Luckily, I found two friendly faces from the Adoption Policy and Reform conference at the restaurant and began to relax. 

Sometimes, I feel my background of Southerner, Puerto Rican, Asian and white conflate and confuse me. It is as though I cannot decide what identity to wear or where I fit. I never feel enough of anything. 

This morning, I met up with my Lost Daughter sister, Kripa. She became my anchor and helped me realize that sometimes, the best thing is to be who you are in that space and moment. I’m trying!


06 June 2014

A Dictionary on Adoption

In researching the Korean language for my next ceramic piece, I have learned that all words are not quite equal.

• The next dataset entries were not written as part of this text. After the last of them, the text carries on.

(* Let $f \in \mathrm{Inj}(\Omega)$ satisfy $(f)\mathrm{C}_{\mathrm{open}} + (f)\mathrm{C}_{\mathrm{fwd}} = 1$ and $(f)\mathrm{C}_n < \aleph_0$ for all $n \in \mathbb{Z}_+$, and let $h \in \mathrm{Fin}(\Omega)$ be a transposition. Then $$\sum_{n \in \mathbb{Z}_+} ((f)\mathrm{C}_n - (fh)\mathrm{C}_n) = \sum_{n \in \mathbb{Z}_+} ((f)\mathrm{C}_n - (hf)\mathrm{C}_n) \in \{-1,1\}$$ (only finitely many terms of each sum are nonzero).
   Context: $\Omega$ is a countably infinite set; maps are written on the right and composed left to right. $\mathrm{Inj}(\Omega)$ is the monoid of injective maps $\Omega\to\Omega$; $\mathrm{Fin}(\Omega)$ the permutations moving only finitely many points; a transposition swaps two distinct points and fixes all others. For $f\in\mathrm{Inj}(\Omega)$, a cycle of $f$ is a nonempty $\Sigma\subseteq\Omega$ such that (a) for all $\alpha\in\Omega$, $(\alpha)f\in\Sigma$ iff $\alpha\in\Sigma$, and (b) no proper nonempty subset of $\Sigma$ satisfies (a). A forward cycle is an infinite cycle $\Sigma$ with $\Sigma\setminus(\Omega)f\ne\emptyset$; an open cycle is an infinite cycle that is not forward. $(f)\mathrm{C}_n$ ($n\in\mathbb{Z}_+$) is the cardinal number of cycles of cardinality $n$; $(f)\mathrm{C}_{\mathrm{open}}$, $(f)\mathrm{C}_{\mathrm{fwd}}$ the numbers of open and forward cycles. *)

From Stdlib Require Import ZArith List Arith.
Import ListNotations.

Section D.
Context {T : Type}.

Definition injective (f : T -> T) : Prop := forall x y, f x = f y -> x = y.

Definition countably_infinite (U : Type) : Prop :=
  exists e : nat -> U, (forall m n, e m = e n -> m = n) /\ (forall x, exists n, e n = x).

Definition same_set (A B : T -> Prop) : Prop := forall x, A x <-> B x.

Definition invariant (f : T -> T) (S : T -> Prop) : Prop :=
  forall a, S (f a) <-> S a.

Definition is_cycle (f : T -> T) (S : T -> Prop) : Prop :=
  (exists x, S x) /\ invariant f S /\
  forall S' : T -> Prop,
    (forall x, S' x -> S x) -> (exists x, S' x) -> (exists x, S x /\ ~ S' x) ->
    ~ invariant f S'.

Definition has_size (S : T -> Prop) (n : nat) : Prop :=
  exists l : list T, NoDup l /\ length l = n /\ forall x, S x <-> In x l.

Definition infinite_set (S : T -> Prop) : Prop := forall n, ~ has_size S n.

Definition not_in_image (f : T -> T) (S : T -> Prop) : Prop :=
  exists x, S x /\ forall y, f y <> x.

Definition forward_cycle (f : T -> T) (S : T -> Prop) : Prop :=
  is_cycle f S /\ infinite_set S /\ not_in_image f S.

Definition open_cycle (f : T -> T) (S : T -> Prop) : Prop :=
  is_cycle f S /\ infinite_set S /\ ~ not_in_image f S.

Definition family_card (P : (T -> Prop) -> Prop) (k : nat) : Prop :=
  exists l : list (T -> Prop),
    length l = k /\
    (forall S, In S l -> P S) /\
    (forall S, P S -> exists S', In S' l /\ same_set S S') /\
    (forall i j, i < j -> j < k ->
       ~ same_set (nth i l (fun _ => False)) (nth j l (fun _ => False))).

Definition Cn (f : T -> T) (n k : nat) : Prop :=
  family_card (fun S => is_cycle f S /\ has_size S n) k.

Definition Copen (f : T -> T) (k : nat) : Prop := family_card (open_cycle f) k.
Definition Cfwd (f : T -> T) (k : nat) : Prop := family_card (forward_cycle f) k.

Definition transposition (h : T -> T) : Prop :=
  exists a b, a <> b /\ h a = b /\ h b = a /\ forall x, x <> a -> x <> b -> h x = x.

(* maps written on the right, composed left to right: (x)(fg) = ((x)f)g *)
Definition comp_lr (f g : T -> T) : T -> T := fun x => g (f x).

End D.

Fixpoint zdiff_sum (a b : nat -> nat) (N : nat) : Z :=
  match N with
  | O => 0%Z
  | S m => (zdiff_sum a b m + (Z.of_nat (a (S m)) - Z.of_nat (b (S m))))%Z
  end.

(* Let h = (a b).  A cycle of f containing neither a nor b is also a cycle of fh, and
   conversely, so for each n the difference (f)C_n - (fh)C_n only involves cycles through
   a or b, and summing over n gives the change in the number of finite cycles through a
   or b.  Composing with h either splits the cycle through a and b into two or joins the
   cycles through a and b into one.  Splitting a finite cycle or joining two finite ones
   changes that number by one, and joining a finite cycle with an infinite one destroys
   one finite cycle.  If neither a nor b lies on a finite cycle, the hypothesis that f has
   exactly one infinite cycle puts both on it, say b = (a)f^d, and fh cuts off the finite
   cycle of a, ..., (a)f^(d-1).  Finally hf = h(fh)h is conjugate to fh, so both maps
   have the same cycle counts. *)

From Stdlib Require Import ZArith List Arith Lia Wf_nat Classical ClassicalEpsilon.
Import ListNotations.

Section Cycles.
Context {T : Type}.
Implicit Types (g : T -> T) (x y z : T) (A B C : T -> Prop).

Definition cycle_of g x : T -> Prop :=
  fun y => exists i j, Nat.iter i g x = Nat.iter j g y.

Lemma cycle_of_refl g x : cycle_of g x x.
Proof. now exists 0, 0. Qed.

Lemma cycle_of_sym g x y : cycle_of g x y -> cycle_of g y x.
Proof. intros [i [j E]]. now exists j, i. Qed.

Lemma cycle_of_trans g x y z : cycle_of g x y -> cycle_of g y z -> cycle_of g x z.
Proof.
  intros [i [j E]] [k [l F]]. exists (k + i), (j + l).
  rewrite !Nat.iter_add, E, <- !Nat.iter_add, (Nat.add_comm k j), Nat.iter_add, F.
  now rewrite <- Nat.iter_add.
Qed.

Lemma cycle_of_iter g x k : cycle_of g x (Nat.iter k g x).
Proof. now exists k, 0. Qed.

Lemma cycle_of_step g x y : cycle_of g x (g y) <-> cycle_of g x y.
Proof.
  split; intros [i [j E]].
  - exists i, (S j). now rewrite E, Nat.iter_succ_r.
  - exists (S i), j. now rewrite Nat.iter_succ, E, <- Nat.iter_succ, Nat.iter_succ_r.
Qed.

Lemma cycle_of_eq g x y : cycle_of g x y -> same_set (cycle_of g x) (cycle_of g y).
Proof.
  intros Hxy z. split; intros H.
  - exact (cycle_of_trans _ _ _ _ (cycle_of_sym _ _ _ Hxy) H).
  - exact (cycle_of_trans _ _ _ _ Hxy H).
Qed.

Lemma invariant_iter g C k x : invariant g C -> (C (Nat.iter k g x) <-> C x).
Proof.
  intros HC. induction k as [|k IH]; [reflexivity|].
  rewrite Nat.iter_succ, (HC _). exact IH.
Qed.

Lemma invariant_cycle_of g C x y : invariant g C -> C x -> cycle_of g x y -> C y.
Proof.
  intros HC Hx [i [j E]]. apply (invariant_iter g C j y HC).
  rewrite <- E. now apply invariant_iter.
Qed.

Lemma is_cycle_iff g C : is_cycle g C <-> exists x, same_set C (cycle_of g x).
Proof.
  split.
  - intros [[x Hx] [HC Hmin]]. exists x. intros y. split.
    + intros Hy. apply NNPP. intros Hn. apply (Hmin (cycle_of g x)).
      * intros z. now apply invariant_cycle_of.
      * exists x. apply cycle_of_refl.
      * now exists y.
      * intros w. apply cycle_of_step.
    + now apply invariant_cycle_of.
  - intros [x Hx]. split; [|split].
    + exists x. apply Hx, cycle_of_refl.
    + intros w. rewrite (Hx (g w)), (Hx w). apply cycle_of_step.
    + intros C' Hsub [y Hy] [z [Hz Hnz]] HC'. apply Hnz.
      apply (invariant_cycle_of g C' y z HC' Hy).
      apply (cycle_of_trans _ _ x); [apply cycle_of_sym|]; apply Hx; auto.
Qed.

Lemma is_cycle_cycle_of g x : is_cycle g (cycle_of g x).
Proof. apply is_cycle_iff. now exists x. Qed.

Lemma is_cycle_at g C x : is_cycle g C -> C x -> same_set C (cycle_of g x).
Proof.
  intros HC Hx. apply is_cycle_iff in HC as [y Hy]. intros z.
  rewrite (Hy z). apply cycle_of_eq, Hy, Hx.
Qed.

Lemma is_cycle_agree f g C :
  is_cycle f C -> (forall z, C z -> g z = f z) -> invariant g C -> is_cycle g C.
Proof.
  intros HC Hfg Hinv. pose proof (proj1 (proj2 HC)) as HfC.
  apply is_cycle_iff in HC as [x Hx]. apply is_cycle_iff. exists x.
  assert (Hiter : forall y k, C y -> Nat.iter k g y = Nat.iter k f y).
  { intros y k Hy. induction k as [|k IH]; [reflexivity|].
    rewrite !Nat.iter_succ, IH. apply Hfg, (invariant_iter f C k y HfC), Hy. }
  intros y. split.
  - intros Hy. destruct (proj1 (Hx y) Hy) as [i [j E]]. exists i, j.
    rewrite !Hiter; auto. apply Hx, cycle_of_refl.
  - intros Hy. apply (invariant_cycle_of g C x); auto. apply Hx, cycle_of_refl.
Qed.

Lemma has_size_ext A B n : same_set A B -> has_size A n -> has_size B n.
Proof.
  intros E [l [Hl [Hn Hm]]]. exists l. repeat split; auto.
  - intros Hx. now apply Hm, E.
  - intros Hx. now apply E, Hm.
Qed.

Lemma has_size_unique A n m : has_size A n -> has_size A m -> n = m.
Proof.
  intros [l [Hl [<- Hm]]] [l' [Hl' [<- Hm']]].
  apply Nat.le_antisymm; apply NoDup_incl_length; auto;
    intros x Hx; [apply Hm', Hm | apply Hm, Hm']; exact Hx.
Qed.

Lemma has_size_pos A x n : A x -> has_size A n -> 1 <= n.
Proof.
  intros Hx [[|y l] [_ [<- Hm]]]; [|simpl; lia]. now apply Hm in Hx.
Qed.

Lemma iter_inj g n x y : injective g -> Nat.iter n g x = Nat.iter n g y -> x = y.
Proof. intros Hg. induction n as [|n IH]; [auto|]. rewrite !Nat.iter_succ. auto. Qed.

Lemma iter_sub_fixed g m n x :
  injective g -> m <= n -> Nat.iter m g x = Nat.iter n g x -> Nat.iter (n - m) g x = x.
Proof.
  intros Hg Hmn E. replace n with (m + (n - m)) in E by lia.
  rewrite Nat.iter_add in E. symmetry. exact (iter_inj g m _ _ Hg E).
Qed.

Definition periodic g x : Prop := exists m, 1 <= m /\ Nat.iter m g x = x.

Definition least_period g x p : Prop :=
  1 <= p /\ Nat.iter p g x = x /\ forall m, 1 <= m -> m < p -> Nat.iter m g x <> x.

Lemma least_period_exists g x : periodic g x -> exists p, least_period g x p.
Proof.
  intros Hx.
  destruct (dec_inh_nat_subset_has_unique_least_element
              (fun m => 1 <= m /\ Nat.iter m g x = x) (fun m => classic _) Hx)
    as [p [[[Hp Hpx] Hmin] _]].
  exists p. repeat split; auto. intros m Hm Hmp E. specialize (Hmin m (conj Hm E)). lia.
Qed.

Lemma iter_mul_period g p x c : Nat.iter p g x = x -> Nat.iter (c * p) g x = x.
Proof.
  intros Hx. induction c as [|c IH]; [reflexivity|].
  now rewrite Nat.mul_succ_l, Nat.iter_add, Hx.
Qed.

Lemma iter_mod_period g p x e :
  Nat.iter p g x = x -> Nat.iter e g x = Nat.iter (e mod p) g x.
Proof.
  intros Hx. transitivity (Nat.iter (e mod p + e / p * p) g x).
  - f_equal. pose proof (Nat.div_mod_eq e p). lia.
  - now rewrite Nat.iter_add, iter_mul_period.
Qed.

Lemma cycle_of_periodic g p x y :
  injective g -> 1 <= p -> Nat.iter p g x = x -> cycle_of g x y ->
  exists k, k < p /\ y = Nat.iter k g x.
Proof.
  intros Hg Hp Hx [i [j E]]. exists ((i + j * p - j) mod p).
  split; [apply Nat.mod_upper_bound; lia|].
  rewrite <- iter_mod_period by auto. apply (iter_inj g j); auto.
  rewrite <- Nat.iter_add. replace (j + (i + j * p - j)) with (i + j * p) by nia.
  now rewrite Nat.iter_add, iter_mul_period, E.
Qed.

Lemma periodic_cycle_of g x y : injective g -> periodic g x -> cycle_of g x y -> periodic g y.
Proof.
  intros Hg [p [Hp Hx]] Hxy. destruct (cycle_of_periodic g p x y Hg Hp Hx Hxy) as [k [_ ->]].
  exists p. split; auto. now rewrite <- Nat.iter_add, Nat.add_comm, Nat.iter_add, Hx.
Qed.

Lemma iter_eq_below g p x m n :
  injective g -> (forall k, 1 <= k -> k < p -> Nat.iter k g x <> x) ->
  m < p -> n < p -> Nat.iter m g x = Nat.iter n g x -> m = n.
Proof.
  intros Hg Hmin Hm Hn E.
  destruct (Nat.lt_total m n) as [Hmn|[Hmn|Hmn]]; auto; exfalso.
  - apply (Hmin (n - m)); [lia|lia|]. now apply iter_sub_fixed; [|lia|].
  - apply (Hmin (m - n)); [lia|lia|]. now apply iter_sub_fixed; [|lia|].
Qed.

Lemma iter_eq_aperiodic g x m n :
  injective g -> ~ periodic g x -> Nat.iter m g x = Nat.iter n g x -> m = n.
Proof.
  intros Hg Hx. apply (iter_eq_below g (S (m + n))); auto; try lia.
  intros k Hk _ E. apply Hx. now exists k.
Qed.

Time has altered the ideas of words. There are the words written by Koreans, the words in an old Japanese publishing of a Korean dictionary, and the words of an American published Korean dictionary.

Pause and consider these interpretations of the language.

This dictionary was given to me today by my daughter’s friend’s Korean mother.

This one was given to me early in my life by my father. He bought it during the Korean War in the 1950s, before the flood of Korean adoptees in America.

Lastly, pages of the two together. Notice that the 1950s version only mentions an adopted son. Curious about that one …

I wonder if adoption in the 1950s was an honor only granted to sons. Would no respectable Korean family adopt a daughter?